It is worth noting that “any” is also underlined in the actual Yates Memo.
We view this statement as a clear mandate to companies: If you want to get cooperation credit from DOJ, you must provide a detailed report of the facts and circumstances surrounding the allegations, including identifying the persons responsible.
In sum, the decision for companies whether to conduct an internal investigation is now made easy. If they hope to get any cooperation credit, an internal investigation is a requirement.
But while the decision to investigate might be easy, the DOJ’s renewed focus on individual accountability (and disclosure requirements for cooperation credit) may significantly complicate the investigative process. Companies will now need to be more mindful of potential conflicts in dealing with individual employees, audit committees, and Boards of Directors. Particularly when allegations of wrongdoing reach multiple or high-level employees, companies should consider involving experienced outside investigative counsel.
SEC: “Broken Windows” Enforcement
While it appears as though the DOJ will focus more on prosecuting individuals, the SEC has continued to bring a majority of its enforcement actions against companies. It has done so under what SEC Chairwoman Mary Jo White has referred to as the “broken windows” theory of securities enforcement. That is, the SEC announced, that it will “pursue even the smallest infractions” in order to foster a culture of legal compliance.
In 2015, the SEC put this theory in practice by resolving numerous cases for relatively small amounts. By way of recent example, on the FCPA front, Hyperdynamics Corporation, an oil and gas company with operations in the Republic of Guinea, consented to the entry of an administrative cease-and-desist order and agreed to pay a $75,000 penalty to the SEC.
The relatively modest penalty (by FCPA standards) issued by the SEC in the Hyperdynamics matter, however, is only part of the story. Even the “smallest infractions” prosecuted by the SEC under its broken windows theory can involve significant investigation and professional costs for companies. In reaching agreement to pay a $75,000 penalty, for example, Hyperdynamics spent approximately $12.7 million in professional fees. Prosecution of even minor infractions by the SEC, thus, can still be a very expensive process for the companies involved.
Regulators Continue to Push Voluntary Self-Disclosure of FCPA Violations
FCPA regulators from both DOJ and the SEC have been emphasizing the importance of voluntary self-disclosure for some time. Perhaps most significant was the SEC’s recent announcement that self-reporting will be a pre-condition to a company receiving a deferred prosecution agreement or a non-prosecution agreement.
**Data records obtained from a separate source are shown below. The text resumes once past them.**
(* Let $L$ be a nonabelian finite simple group whose order is divisible by a prime $r$, and let $x\in\mathrm{Aut}(L)$, $x\neq 1$. Suppose $x$ leaves invariant a subgroup $H\leq L$ and a normal subgroup $N$ of $H$, thus inducing an automorphism $\overline{x}$ of $\overline{H}=H/N$. Suppose also that $\overline{H}$ contains a simple $\overline{x}$-invariant subgroup $\overline{L}$ on which $\overline{x}$ acts nontrivially and whose order is divisible by $r$. Then $\beta_r(x,L)\leq\beta_r(\overline{x},\overline{L})$.
   Context: For a nonabelian finite simple group $L$ (identified with $\mathrm{Inn}(L)\leq\mathrm{Aut}(L)$), a nontrivial $x\in\mathrm{Aut}(L)$ and a prime $r$ dividing $|L|$, $\beta_r(x,L)$ denotes the smallest number $k$ such that there exist $g_1,\dots,g_k\in L$ for which $\langle x^{g_1},\dots,x^{g_k}\rangle\leq\langle L,x\rangle$ has order divisible by $r$. In $\beta_r(\overline{x},\overline{L})$, $\overline{x}$ is regarded (via its restriction) as an automorphism of $\overline{L}$. *)

From mathcomp Require Import all_boot all_fingroup.
From mathcomp Require Import automorphism quotient gseries.
Set Implicit Arguments. Unset Strict Implicit. Unset Printing Implicit Defensive.
Import GroupScope.
Local Open Scope group_scope.

(* Automorphisms of a group L (in some finGroupType gT) are modelled, as in
   MathComp, by elements a of Aut L : {set {perm gT}}.  L is identified with
   Inn(L) via the inner-automorphism map y |-> conj_aut L y; thus the conjugate
   a^y of a by y in L (computed inside Aut L) is a ^ conj_aut L y. *)

Definition betab (gT : finGroupType) (r : nat) (L : {group gT})
  (a : {perm gT}) (k : nat) : bool :=
  [exists t : k.-tuple gT,
     all (fun y => y \in L) t &&
     (r %| #| << [set (a ^ conj_aut L y)%g | y in t] >> |)].

(* beta_r(a,L) <= beta_r(b,M):  beta_r(b,M) is the least k with betab r M b k;
   the inequality says some k' <= that least k satisfies betab r L a k'. *)
Definition beta_le (gT rT : finGroupType) (r : nat)
  (L : {group gT}) (a : {perm gT}) (M : {group rT}) (b : {perm rT}) : Prop :=
  forall k, betab r M b k -> exists2 k', (k' <= k)%N & betab r L a k'.

(* Lift g_1, ..., g_k in Lbar to h_1, ..., h_k in H.  Every element of
   A = <a^{h_1}, ..., a^{h_k}> stabilises H, and the automorphisms of Lbar
   it induces on the cosets of N form a group containing
   B = <abar^{g_1}, ..., abar^{g_k}>, since a^{h_i} induces abar^{g_i}.  An
   element of B of order r is then induced by some p in A, and the order of
   the induced automorphism divides that of p; hence r divides |A|. *)

From mathcomp Require Import all_boot all_fingroup.
From mathcomp Require Import automorphism quotient gseries pgroup cyclic.
Set Implicit Arguments. Unset Strict Implicit. Unset Printing Implicit Defensive.
Import GroupScope.
Local Open Scope group_scope.

Section InducedAutomorphisms.

Variables (gT : finGroupType) (H N : {group gT}) (Lbar : {group coset_of N}).
Hypothesis sLbarH : Lbar \subset H / N.

Definition induces (p : {perm gT}) (q : {perm coset_of N}) : bool :=
  (q \in Aut Lbar) && [forall h in H, (p h \in H) &&
     ((coset N h \in Lbar) ==> (q (coset N h) == coset N (p h)))].

Lemma inducesP (p : {perm gT}) (q : {perm coset_of N}) :
  reflect ((q \in Aut Lbar) /\ forall h, h \in H ->
             p h \in H /\ (coset N h \in Lbar -> q (coset N h) = coset N (p h)))
          (induces p q).
Proof.
apply: (iffP andP) => [[Aq /forall_inP indH] | [Aq indH]]; split => //.
  move=> h Hh; have /andP[-> /implyP indh] := indH h Hh.
  by split=> // Lh; apply/eqP/indh.
apply/forall_inP => h Hh; have [-> indh] := indH h Hh.
by apply/implyP => Lh; rewrite indh.
Qed.

Lemma induces1 : induces 1 1.
Proof. by apply/inducesP; split=> [|h Hh]; rewrite ?group1 ?perm1. Qed.

Lemma inducesM (p p' : {perm gT}) (q q' : {perm coset_of N}) :
  induces p q -> induces p' q' -> induces (p * p') (q * q').
Proof.
move=> /inducesP[Aq indH] /inducesP[Aq' indH']; apply/inducesP.
split=> [|h Hh]; first exact: groupM.
have [Hph indh] := indH h Hh; have [Hpph indph] := indH' _ Hph.
rewrite !permM; split=> // Lh.
have Lph : coset N (p h) \in Lbar by rewrite -indh ?(Aut_closed Aq).
by rewrite indh // indph.
Qed.

Lemma inducesX (p : {perm gT}) (q : {perm coset_of N}) m :
  induces p q -> induces (p ^+ m) (q ^+ m).
Proof.
move=> ind_pq; elim: m => [|m IHm]; first exact: induces1.
by rewrite !expgS; apply: inducesM.
Qed.

Lemma induces_trivial (q : {perm coset_of N}) : induces 1 q -> q = 1.
Proof.
move=> /inducesP[Aq indH]; apply/permP => z; rewrite perm1.
have [Lz | /(out_Aut Aq)//] := boolP (z \in Lbar).
have /morphimP[h _ Hh Dz] := subsetP sLbarH z Lz; rewrite Dz in Lz *.
by have [_ ->] := indH h Hh; rewrite ?perm1.
Qed.

Lemma order_induces_dvdn (p : {perm gT}) (q : {perm coset_of N}) :
  induces p q -> (#[q] %| #[p])%N.
Proof.
move=> ind_pq; rewrite order_dvdn; apply/eqP/induces_trivial.
by rewrite -(expg_order p); apply: inducesX.
Qed.

Definition induced_by (A : {set {perm gT}}) : {set {perm coset_of N}} :=
  [set q | [exists p in A, induces p q]].

Lemma group_set_induced_by (A : {group {perm gT}}) : group_set (induced_by A).
Proof.
apply/group_setP; split=> [|q q']; rewrite !inE.
  by apply/exists_inP; exists 1; rewrite ?group1 ?induces1.
case/exists_inP=> p Ap ind_pq /exists_inP[p' Ap' ind_pq'].
by apply/exists_inP; exists (p * p'); rewrite ?groupM ?inducesM.
Qed.

Canonical induced_by_group (A : {group {perm gT}}) :=
  Group (group_set_induced_by A).

Lemma prime_dvd_induced_by (A : {group {perm gT}}) (B : {group {perm coset_of N}})
    (r : nat) :
  prime r -> B \subset induced_by A -> (r %| #|B|)%N -> (r %| #|A|)%N.
Proof.
move=> pr_r sBA /(Cauchy pr_r)[q Bq <-].
have := subsetP sBA q Bq; rewrite inE => /exists_inP[p Ap ind_pq].
by apply: dvdn_trans (order_dvdG Ap); apply: order_induces_dvdn.
Qed.

Variable L : {group gT}.
Hypotheses (sHL : H \subset L) (nNH : H \subset 'N(N)).

Lemma induces_conj_aut h :
  h \in H -> coset N h \in Lbar ->
  induces (conj_aut L h) (conj_aut Lbar (coset N h)).
Proof.
move=> Hh Lh; apply/inducesP; split.
  by rewrite (subsetP (Aut_conj_aut Lbar Lbar)) ?mem_morphim ?(subsetP (normG _)).
have nLh : h \in 'N(L) by rewrite (subsetP (normG L)) ?(subsetP sHL).
move=> x Hx; rewrite norm_conj_autE ?(subsetP sHL) //; split=> [|Lx].
  by rewrite groupJ.
rewrite norm_conj_autE ?(subsetP (normG _)) //.
by rewrite morphJ ?(subsetP nNH).
Qed.

Lemma inducesJ (p : {perm gT}) (q : {perm coset_of N}) h :
  h \in H -> coset N h \in Lbar -> induces p q ->
  induces (p ^ conj_aut L h) (q ^ conj_aut Lbar (coset N h)).
Proof.
move=> Hh Lh ind_pq.
have nLh : h \in 'N(L) by rewrite (subsetP (normG L)) ?(subsetP sHL).
have nLbarh : coset N h \in 'N(Lbar) by rewrite (subsetP (normG _)).
rewrite /conjg -(morphV _ nLh) -(morphV _ nLbarh) -morphV ?(subsetP nNH) //.
rewrite !mulgA; apply: inducesM; last exact: induces_conj_aut.
apply: inducesM ind_pq; apply: induces_conj_aut; first by rewrite groupV.
by rewrite morphV ?(subsetP nNH) ?groupV.
Qed.

End InducedAutomorphisms.

Definition coset_lift (gT : finGroupType) (H N : {set gT}) (y : coset_of N) : gT :=
  odflt 1 [pick h in H | coset N h == y].

Lemma coset_liftP (gT : finGroupType) (H N : {group gT}) (y : coset_of N) :
  y \in H / N -> coset_lift H y \in H /\ coset N (coset_lift H y) = y.
Proof.
rewrite /coset_lift; case: pickP => [h /andP[Hh /eqP->] | noh] //=.
by case/morphimP=> h _ Hh Dy; have := noh h; rewrite Hh Dy eqxx.
Qed.

Theorem lemma1p4 (gT : finGroupType) (L H N : {group gT}) (a : {perm gT})
  (r : nat)
  (simL : simple L) (nabL : ~~ abelian L)
  (pr_r : prime r) (rL : (r %| #|L|)%N)
  (aAut : a \in Aut L) (a_ntriv : a != 1)
  (sHL : H \subset L) (aH : a @: H = H)
  (nNH : N <| H) (aN : a @: N = N)
  (Lbar : {group coset_of N}) (sLbarH : Lbar \subset H / N)
  (simLbar : simple Lbar) (rLbar : (r %| #|Lbar|)%N)
  (invLbar : forall h, h \in H -> coset N h \in Lbar -> coset N (a h) \in Lbar)
  (abar : {perm coset_of N}) (abarAut : abar \in Aut Lbar)
  (abar_def : forall h, h \in H -> coset N h \in Lbar ->
                abar (coset N h) = coset N (a h))
  (abar_ntriv : exists2 y, y \in Lbar & abar y != y) :
  beta_le r L a Lbar abar.
Proof.
move=> k /existsP[t /andP[/allP tLbar r_dvd_B]]; exists k => //.
have ind_a : induces H Lbar a abar.
  apply/inducesP; split=> // h Hh.
  by split; [rewrite -aH imset_f | exact: abar_def].
have liftP y : y \in t -> coset_lift H y \in H /\ coset N (coset_lift H y) = y.
  by move=> ty; apply/coset_liftP/(subsetP sLbarH)/tLbar.
apply/existsP; exists (map_tuple (@coset_lift _ H N) t); apply/andP; split.
  by apply/allP=> _ /mapP[y ty ->]; rewrite (subsetP sHL) //; case: (liftP y ty).
apply: (prime_dvd_induced_by sLbarH pr_r _ r_dvd_B).
rewrite gen_subG; apply/subsetP=> _ /imsetP[y ty ->]; rewrite inE.
have [Hy Dy] := liftP y ty.
apply/exists_inP; exists (a ^ conj_aut L (coset_lift H y)).
  by apply/mem_gen/imsetP; exists (coset_lift H y); rewrite ?map_f.
rewrite -{2}Dy; apply: inducesJ ind_a => //; first exact: normal_norm.
by rewrite Dy tLbar.
Qed.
Other enforcement authorities have made the same point. At the American Conference Institute’s 32nd Annual International Conference on the FCPA, Assistant Attorney General Leslie Caldwell remarked, “we want to encourage self-disclosure by making clear that, when combined with cooperation and remediation, voluntary disclosure does provide a tangible benefit when it comes to making a charging decision.” Similarly, at the American Banking Association and American Bar Association Money Laundering Enforcement Conference, DAG Yates noted that
a significant aspect of the Yates Memorandum related to self-disclosure, and she emphasized the significance of self-disclosure to DOJ:
“[O]ne of the changes made to the USAM [US Attorney’s Manual] today separates what used to be a single factor that covered both a corporation’s voluntary disclosure and its willingness to cooperate into two separate factors[.] . . . In recognition of the significant value early reporting holds for us, prompt voluntary disclosure by a company will be treated as an independent factor weighing in the company’s favor.”
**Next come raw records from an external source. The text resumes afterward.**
Lemma snake_lactE {i j} (g : ghom G i j) :
  (1[Hob g] ⊗ form HA l g) ∘ ((Delta HA g ∘ lact g) ⊗ 1[Hob g])
  ∘ (1[Hob (gid i)] ⊗ Delta HA g)
  = (lact g ⊗ (l i ⊗ eps HA g))
    ∘ (1[Hob (gid i)] ⊗ (braid C (Hob (gid i)) (Hob g) ⊗ 1[Hob g]))
    ∘ (Delta HA (gid i) ⊗ Delta HA g).
Proof.
set γ := braid C (Hob (gid i)) (Hob g).
have coassoc_step :
    (Delta HA (gid i) ⊗ Delta HA g) ⊗ 1[Hob g] ∘ (1[Hob (gid i)] ⊗ Delta HA g)
    = (1[Hob (gid i) ++ Hob (gid i)] ⊗ (1[Hob g] ⊗ Delta HA g))
      ∘ (Delta HA (gid i) ⊗ Delta HA g).
  rewrite (tens_assoc _ HC) castm_id -(tensM (Delta HA (gid i)) _ (Delta HA g ⊗ _)).
  by rewrite -tensM comp_id id_comp (coassoc _ HA).
have braid_step :
    ((1[Hob (gid i)] ⊗ γ) ⊗ 1[Hob g]) ⊗ 1[Hob g]
    ∘ (1[Hob (gid i) ++ Hob (gid i)] ⊗ (1[Hob g] ⊗ Delta HA g))
    = (1[Hob (gid i)] ⊗ (1[Hob g ++ Hob (gid i)] ⊗ Delta HA g))
      ∘ (1[Hob (gid i)] ⊗ (γ ⊗ 1[Hob g])).
  rewrite !(tens_assoc _ HC) !castm_id tens_idm (tens_idA _ (Hob (gid i))).
  rewrite -(tensMr (Hob (gid i)) (γ ⊗ 1[Hob g ++ Hob g])
              (1[Hob (gid i)] ⊗ (1[Hob g] ⊗ Delta HA g))).
  rewrite -(tensMr (Hob (gid i)) (1[Hob g ++ Hob (gid i)] ⊗ Delta HA g) (γ ⊗ 1[Hob g])).
  rewrite -(tens_idA _ (Hob g) (Delta HA g)).
  by rewrite -(tens_xchl γ (Delta HA g)) -(tens_xchr γ (Delta HA g)).
have act_step :
    (lact g ⊗ lact g) ⊗ 1[Hob g]
    ∘ (1[Hob (gid i)] ⊗ (1[Hob g ++ Hob (gid i)] ⊗ Delta HA g))
    = lact g ⊗ ((lact g ⊗ 1[Hob g]) ∘ (1[Hob (gid i)] ⊗ Delta HA g)).
  rewrite (tens_assoc _ HC) castm_id -[in RHS](comp_id (lact g)) tensM.
  by rewrite comp_id (tens_idA _ (Hob g)) (tens_idA _ (Hob (gid i)) (Delta HA g)).
have form_step (Y : Mor C (Hob (gid i) ++ Hob g) (Hob g ++ Hob g)) :
    (1[Hob g] ⊗ form HA l g) ∘ (lact g ⊗ Y) = lact g ⊗ (form HA l g ∘ Y).
  by rewrite -[in RHS](id_comp (lact g)) tensM.
rewrite Delta_lact !tensMl !compA (eq_comp2 _ coassoc_step) !compA.
rewrite (eq_comp2 _ braid_step) compA (eq_comp2 _ act_step) form_step compA.
by rewrite form_lact_Delta.
Qed.

Lemma lact_cointegral_braid_counit {i j} (g : ghom G i j) :
  (lact g ⊗ (l i ⊗ eps HA g))
  ∘ (1[Hob (gid i)] ⊗ (braid C (Hob (gid i)) (Hob g) ⊗ 1[Hob g]))
  ∘ (Delta HA (gid i) ⊗ Delta HA g)
  = l i ⊗ 1[Hob g].
Proof.
set γ := braid C (Hob (gid i)) (Hob g).
have counit_step :
    (1[Hob (gid i) ++ Hob g] ⊗ (1[Hob (gid i)] ⊗ eps HA g))
    ∘ (1[Hob (gid i)] ⊗ (γ ⊗ 1[Hob g])) ∘ (Delta HA (gid i) ⊗ Delta HA g)
    = (1[Hob (gid i)] ⊗ γ) ∘ (Delta HA (gid i) ⊗ 1[Hob g]).
  rewrite (tens_idA _ (Hob g)).
  rewrite -(tensMr _ (1[Hob g] ⊗ (1[Hob (gid i)] ⊗ eps HA g)) (γ ⊗ 1[Hob g])).
  rewrite -(tens_idA _ (Hob (gid i)) (eps HA g)) -(tens_xchr γ (eps HA g)).
  rewrite (tens_xchl γ (eps HA g)) (tens_unitr _ HC) castm_id tensMr -compA.
  rewrite (tens_idA _ (Hob g)) -(tens_idA _ (Hob (gid i)) (1[Hob g] ⊗ eps HA g)).
  rewrite -(tensM 1[Hob (gid i) ++ Hob (gid i)] (Delta HA (gid i)) (1[Hob g] ⊗ eps HA g)).
  by rewrite id_comp (counitr _ HA).
rewrite (tens_xchl (l i) (eps HA g)) (tens_unitr _ HC) castm_id -(comp_id (lact g)) tensM.
rewrite (eq_comp3 _ counit_step) (tens_xchl (lact g) (l i)) (tens_unitr _ HC) castm_id.
rewrite (tens_idA _ (Hob g)) compA -(compA (lact g)).
rewrite -(tensMr (Hob (gid i)) (1[Hob g] ⊗ l i) γ).
by rewrite braid_counit lact_cointegral.
Qed.

Lemma coform_form_snake {i j} (g : ghom G i j) :
  (1[Hob g] ⊗ form HA l g) ∘ (coform HA L g ⊗ 1[Hob g]) = 1[Hob g].
Proof.
rewrite -[LHS]comp_id -[X in _ ∘ X = _](counitl _ HA _ _ g) compA.
rewrite -(compA _ (coform HA L g ⊗ _)) -tensMl.
rewrite /coform -(compA (Delta HA g)) -lact_integral (compA (Delta HA g)) tensMl.
rewrite compA -(compA _ _ (Delta HA g)).
have -> : (L _ _ (gid i) ⊗ 1[Hob g]) ⊗ 1[Hob g] ∘ Delta HA g
          = (1[Hob (gid i)] ⊗ Delta HA g) ∘ (L _ _ (gid i) ⊗ 1[Hob g]).
  rewrite (tens_assoc _ HC) castm_id tens_idm -[in LHS](tens_nil_l (Delta HA g)).
  by rewrite -(tens_xchl (L _ _ (gid i)) (Delta HA g)) tens_xchr.
rewrite compA snake_lactE lact_cointegral_braid_counit.
transitivity ((l i ∘ L _ _ (gid i)) ⊗ 1[Hob g]).
  exact: eq_sym (tensMl (Hob g) (l i) (L _ _ (gid i))).
by rewrite HlL tens_idm.
Qed.

(* [form HA l g] is [lpair g ∘ (1 ⊗ ant HA g)] up to associativity. *)
Definition lpair {i j} (g : ghom G i j) : Mor C (Hob g ++ Hob (ginv g)) [] :=
  l i ∘ hcast C (ginvr G g) ∘ mul HA g (ginv g).

Lemma snake_lpair {i j} (g : ghom G i j) :
  (1[Hob g] ⊗ lpair g) ∘ (coform HA L g ⊗ 1[Hob (ginv g)]) = antinv HA g.
Proof.
have snake_ant :
    (1[Hob g] ⊗ lpair g) ∘ (coform HA L g ⊗ 1[Hob (ginv g)]) ∘ ant HA g = 1[Hob g].
  rewrite -[RHS](coform_form_snake g) /form -compA.
  have -> : (coform HA L g ⊗ 1[Hob (ginv g)]) ∘ ant HA g
            = (1[Hob g ++ Hob g] ⊗ ant HA g) ∘ (coform HA L g ⊗ 1[Hob g]).
    rewrite -[in LHS](tens_nil_l (ant HA g)) -(tens_xchl (coform HA L g) (ant HA g)).
    exact: (tens_xchr (coform HA L g) (ant HA g)).
  rewrite [in LHS]compA (tens_idA _ (Hob g) (ant HA g)).
  rewrite -(tensMr (Hob g) (lpair g) (1[Hob g] ⊗ ant HA g)).
  by rewrite /lpair !compA.
by rewrite -[LHS]comp_id -[X in _ ∘ X = _](antinv_r _ HA _ _ g) compA snake_ant id_comp.
Qed.

Lemma form_mul {i j k} (g : ghom G i j) (h : ghom G j k) :
  form HA l (gcomp g h) ∘ (mul HA g h ⊗ 1[Hob (gcomp g h)])
  = lpair g ∘ (1[Hob g] ⊗
      (hcast C (gcomp_cancel G i j k g h) ∘ (mul HA h (gcomp (ginv h) (ginv g))
         ∘ (1[Hob h] ⊗ (hcast C (ginv_comp G i j k g h) ∘ ant HA (gcomp g h)))))).
Proof.
rewrite /form /lpair !compA (eq_comp2 _ (tens_swap _ _)) !compA.
rewrite (eq_comp2 _ (mulA _ _ _)) !compA (tens_idA _ (Hob h)).
rewrite [in RHS](tensMr (Hob h)) [in RHS]compA [in RHS](eq_comp2 _ (mul_hcastr _)).
rewrite [in RHS]tensMr [in RHS]tensMr !compA (eq_comp2 _ (mul_hcastr _)).
rewrite !(eq_comp2 _ (hcast_trans _ _)) !compA [in RHS]tensMr !compA (eq_comp2 _ (mul_hcastr _)).
rewrite !compA !(eq_comp2 _ (hcast_trans _ _)).
by congr (_ ∘ _ ∘ _ ∘ _ ∘ _); apply: hcast_irr.
Qed.

Lemma rot_Delta {i j} (g : ghom G i j) :
  rot HA l L g g [] (Hob g) (Delta HA g) = Delta HA g.
Proof.
rewrite /rot castm_id.
have coassoc_step :
    ((1[Hob g] ⊗ Delta HA g) ⊗ 1[Hob g]) ∘ (coform HA L g ⊗ 1[[] ++ Hob g])
    = (Delta HA g ⊗ 1[Hob g ++ Hob g]) ∘ (coform HA L g ⊗ 1[Hob g]).
  rewrite -(tensMl (Hob g) (1[Hob g] ⊗ Delta HA g) (coform HA L g)) /coform compA.
  rewrite -(coassoc _ HA) -compA tensMl.
  by rewrite (tens_assoc _ HC _ _ _ _ _ _ (Delta HA g) 1[Hob g] 1[Hob g]) castm_id tens_idm.
have xch_step :
    (1[Hob g ++ Hob g] ⊗ form HA l g) ∘ (Delta HA g ⊗ 1[Hob g ++ Hob g])
    = Delta HA g ∘ (1[Hob g] ⊗ form HA l g).
  rewrite -(tens_xchr (Delta HA g) (form HA l g)).
  by rewrite tens_xchl (tens_unitr _ HC) castm_id.
by rewrite coassoc_step compA xch_step -compA coform_form_snake comp_id.
Qed.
The decision whether to self-disclose has historically been one of the most difficult decisions for companies dealing with FCPA violations. This decision was complicated in large part because of the uncertainty surrounding the amount of cooperation credit (if any) a company would receive for effectively turning itself in to the authorities. Through these public statements (and as evidenced by significant credit given in resolving recent FCPA enforcement actions), it appears that the DOJ and SEC are signaling real and tangible benefits to those companies that self-
disclose violations.
Strengthening the Bench: Additional FCPA Resources
Another development worth noting is the increase in investigative and prosecutorial resources dedicated to FCPA enforcement. In November 2015, DOJ announced that it will add 10 prosecutors to its FCPA unit, which is, according to DAG Yates, a 50% increase in headcount. This news follows on the heels of the March 2015 announcement that the FBI, acting in conjunction with DOJ’s Fraud Section, is establishing three International Corruption Squads comprised of 23 special agents based in New York, Washington D.C., and Los Angeles. These
agents will be dedicated to investigating foreign bribery and kleptocracy. This increase in investigators and prosecutors signals the relative importance of FCPA enforcement within the U.S. government, and it will almost certainly lead to more criminal FCPA cases.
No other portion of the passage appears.